Этому смелому проекту так и не суждено было воплотиться в жизнь. И не худсоветы с чиновниками из Минкультуры помешали его осуществлению, а… легендарный поэт Андрей Вознесенский, которому Захаров предложил написать либретто к спектаклю.
Дадим слово Андрею Андреевичу:
Тогда я был наглый молодой поэт, мне казалось непонятным, зачем надо писать нечто славянофильское по «Слову о полку Игореве», в то время как неизвестен его автор и даже неизвестно, был или нет автор «Слова». Я говорю: «У меня есть своя поэма, она называется «Авось!» о любви сорокадвухлетнего графа Резанова к шестнадцатилетней Кончите, давайте сделаем оперу по этой поэме». Марк растерялся немножечко и сказал: «Давайте я почитаю».
Выступление поэта Андрея Вознесенского, 1970-е
Сегодня трудно сказать, как в действительности развивались события дальше. Со слов Вознесенского, Захаров уже на следующий день согласился ставить рок-оперу об экспедиции Резанова в Калифорнию. Сам же режиссёр уверял, что на первых порах они с Рыбниковым сомневались в «выигрышности» такого сюжета. Впрочем, важны ли нам детали в данном случае? Главное – работа над спектаклем «Юнона и Авось» на рубеже десятилетий всё же была начата.
Человек и миф о нём
«Авось!», ставшую «точкой отсчёта» в истории создания прославленной рок-оперы, Андрей Вознесенский начал писать в канадском Ванкувере. Именно там он впервые познакомился с трудами калифорнийского исследователя Ленсена, в которых рассказывалось об одном из учредителей торговой Росийско-американской компании, дипломате и действительном камергере Его Величества, Николае Петровиче Резанове. Извилистые повороты судьбы этого человека пробудили в Вознесенском живой интерес – по возвращении он продолжил работу над произведением в Центральном государственном историческом архиве. В 1970 году поэма была окончена.

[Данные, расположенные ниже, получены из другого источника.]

(* Let $X$ be a Banach space, $F:\mathbb{R}^{n+1}_+\to X$ strongly measurable, $q\in(0,\infty)$ and $\rho>1$. Define the stopping time $\tau(x):=\sup\{\tau>0:A(F|\tau)(x)\le\rho\,C_q(F)(x)\}$. Then for every ball $B\subset\mathbb{R}^n$, $$|B\cap\{\tau>r(B)\}|\ge(1-\rho^{-q})|B|.$$
   Context: $\Gamma^h(x):=\{(y,t)\in\mathbb{R}^{n+1}_+:|y-x|<t<h\}$. Gauss norm: $H=L^2(\mathbb{R}^{n+1}_+,\,dy\,dt/t^{n+1})$, $(\gamma_j)$ independent complex standard Gaussians; for $T\in\mathcal{L}(H,X)$, $\|T\|_{\gamma(H,X)}:=\|\sum_j\gamma_jTe_j\|_{L^2(\Omega;X)}$ when this converges for an orthonormal basis $(e_j)$. For strongly measurable weakly-$L^2$ $\Phi:\mathbb{R}^{n+1}_+\to X$, $I_\Phi h:=$ Pettis-$\int\Phi h\,dy\,dt/t^{n+1}$, $\|\Phi\|_{\gamma(X)}:=\|I_\Phi\|_{\gamma(H,X)}$, and $\infty$ otherwise. $A(F|h)(x):=\|F1_{\Gamma^h(x)}\|_{\gamma(X)}$, and $C_q(F)(x):=\sup_{B\ni x}\big(\frac1{|B|}\int_BA(F|r(B))(y)^q\,dy\big)^{1/q}$ over open balls $B\ni x$ of radius $r(B)$. *)

From HB Require Import structures.
From mathcomp Require Import all_boot all_order all_algebra.
From mathcomp Require Import all_classical all_reals all_analysis.
From mathcomp Require Import complex.

Set Implicit Arguments.
Unset Strict Implicit.
Unset Printing Implicit Defensive.

Import Order.TTheory GRing.Theory Num.Theory.
Import numFieldNormedType.Exports.

Local Open Scope classical_set_scope.
Local Open Scope ring_scope.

В большинстве своём советские граждане тех лет о графе Резанове и слыхом и не слыхивали. Видный государственный деятель, первый посланник Российской Империи в Японии, один из руководителей первой русской кругосветной экспедиции, автор первого русско-японского словаря 1804 года. Наконец, кавалер двух орденов Святой Анны! И вместе с тем… человек, чьё имя оказалось почти забытым на Родине.
Притом Америка, куда Николай Петрович отправился в своё последнее путешествие и где произошла его роковая встреча с испанской красавицей Кончитой, сохранила память о камергере-авантюристе. Так, ещё в XIX веке литератор Фрэнсис Брет Гарт посвятил этой самой встрече балладу «Консепсьон де Аргуэльо», а в следующем столетии увидели свет романы «Резанов» Гертруды Атертон и «Утраченная империя» Гектора Шевиньи.

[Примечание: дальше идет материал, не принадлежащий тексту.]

(* Hourglass persistence is more expressive than FB-persistence: for every graph $G$ with filtration function $f$, the FB-persistence sequence of $(G,f)$ is one of the hourglass sequences of $(G,f)$; and there exist graphs $G,H$ with the degree filtration whose FB-persistence diagrams coincide in all degrees, but for which some hourglass schedule (a prescribed order, in terms of the indices of the intermediate complexes, of including and contracting them), applied to both, yields different persistence diagrams.
   Context: Graphs are finite, undirected, possibly with self-loops and multi-edges. A filtration function on $G=(V,E)$ is $f:V\cup E\to\mathbb{R}$ with $f(v),f(w)\le f(e)$ for each edge $e=(v,w)$; degree filtration: $f(v)=\deg v$, $f(e)=\max(f(v),f(w))$. With distinct values $a_0<\dots<a_n$, $G_{-1}=\emptyset$, $G_i=f^{-1}((-\infty,a_i])$, and the intermediate complex $\mathrm{IC}_i(G,f)$ is the subgraph formed by the vertices and edges of $G_i\setminus G_{i-1}$ together with endpoints of those edges. Persistence diagrams of a sequence of spaces and continuous maps are those of the interval decomposition of $H_k(-;\mathbb{Z}/2)$ applied to it (indexed by positions). FB-persistence: the sequence $G_0\subset\dots\subset G_n=G\to G/\mathrm{IC}_n\to\dots\to\text{point}$ which first includes and then contracts $\mathrm{IC}_n,\mathrm{IC}_{n-1},\dots,\mathrm{IC}_0$ in turn (each contraction collapses the piece together with the point to which previously contracted pieces were collapsed). An hourglass sequence is any sequence starting at $\emptyset$ in which each step either includes (adjoins) some $\mathrm{IC}_j$, or contracts (quotients, together with the previously contracted point) some $\mathrm{IC}_j$ that has already been included, every $\mathrm{IC}_j$ being included before it is contracted; hourglass persistence diagrams are the persistence diagrams of such sequences. *)

From HB Require Import structures.
From mathcomp Require Import all_boot all_order all_algebra.
Set Implicit Arguments. Unset Strict Implicit. Unset Printing Implicit Defensive.
Import Order.TTheory GRing.Theory Num.Theory.
Local Open Scope ring_scope.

Николай Петрович Резанов (1764-1807),
портрет работы неизвестного художника
Достоверно известно, что Андрей Вознесенский был знаком с вышеперечисленными творениями. Более того, из романа Атертон он позаимствовал и несколько переиначил для либретто будущей рок-оперы ряд сцен (в том числе, на балу). Но при всех сходствах в американских романах Резанов – могущественный и предприимчивый делец, пусть и не лишённый достоинств, за которым стоит имперская мощь и который, прежде всего, обслуживает торгово-геополитические интересы своей страны.
Вознесенский же, будучи в известной степени соотечественником Резанова, прочувствовал его образ гораздо тоньше, наделил его «умом и сердцем впечатлительным». В поэме, и особенно в спектакле, граф предстаёт перед нами в ореоле мечтательного прожектёра, готового в одиночку бороться с неудачами и чиновней чёрствостью, не понятого обществом, но пребывающего в полной уверенности, что его дерзкие предприятия будут оценены потомками и принесут России процветание.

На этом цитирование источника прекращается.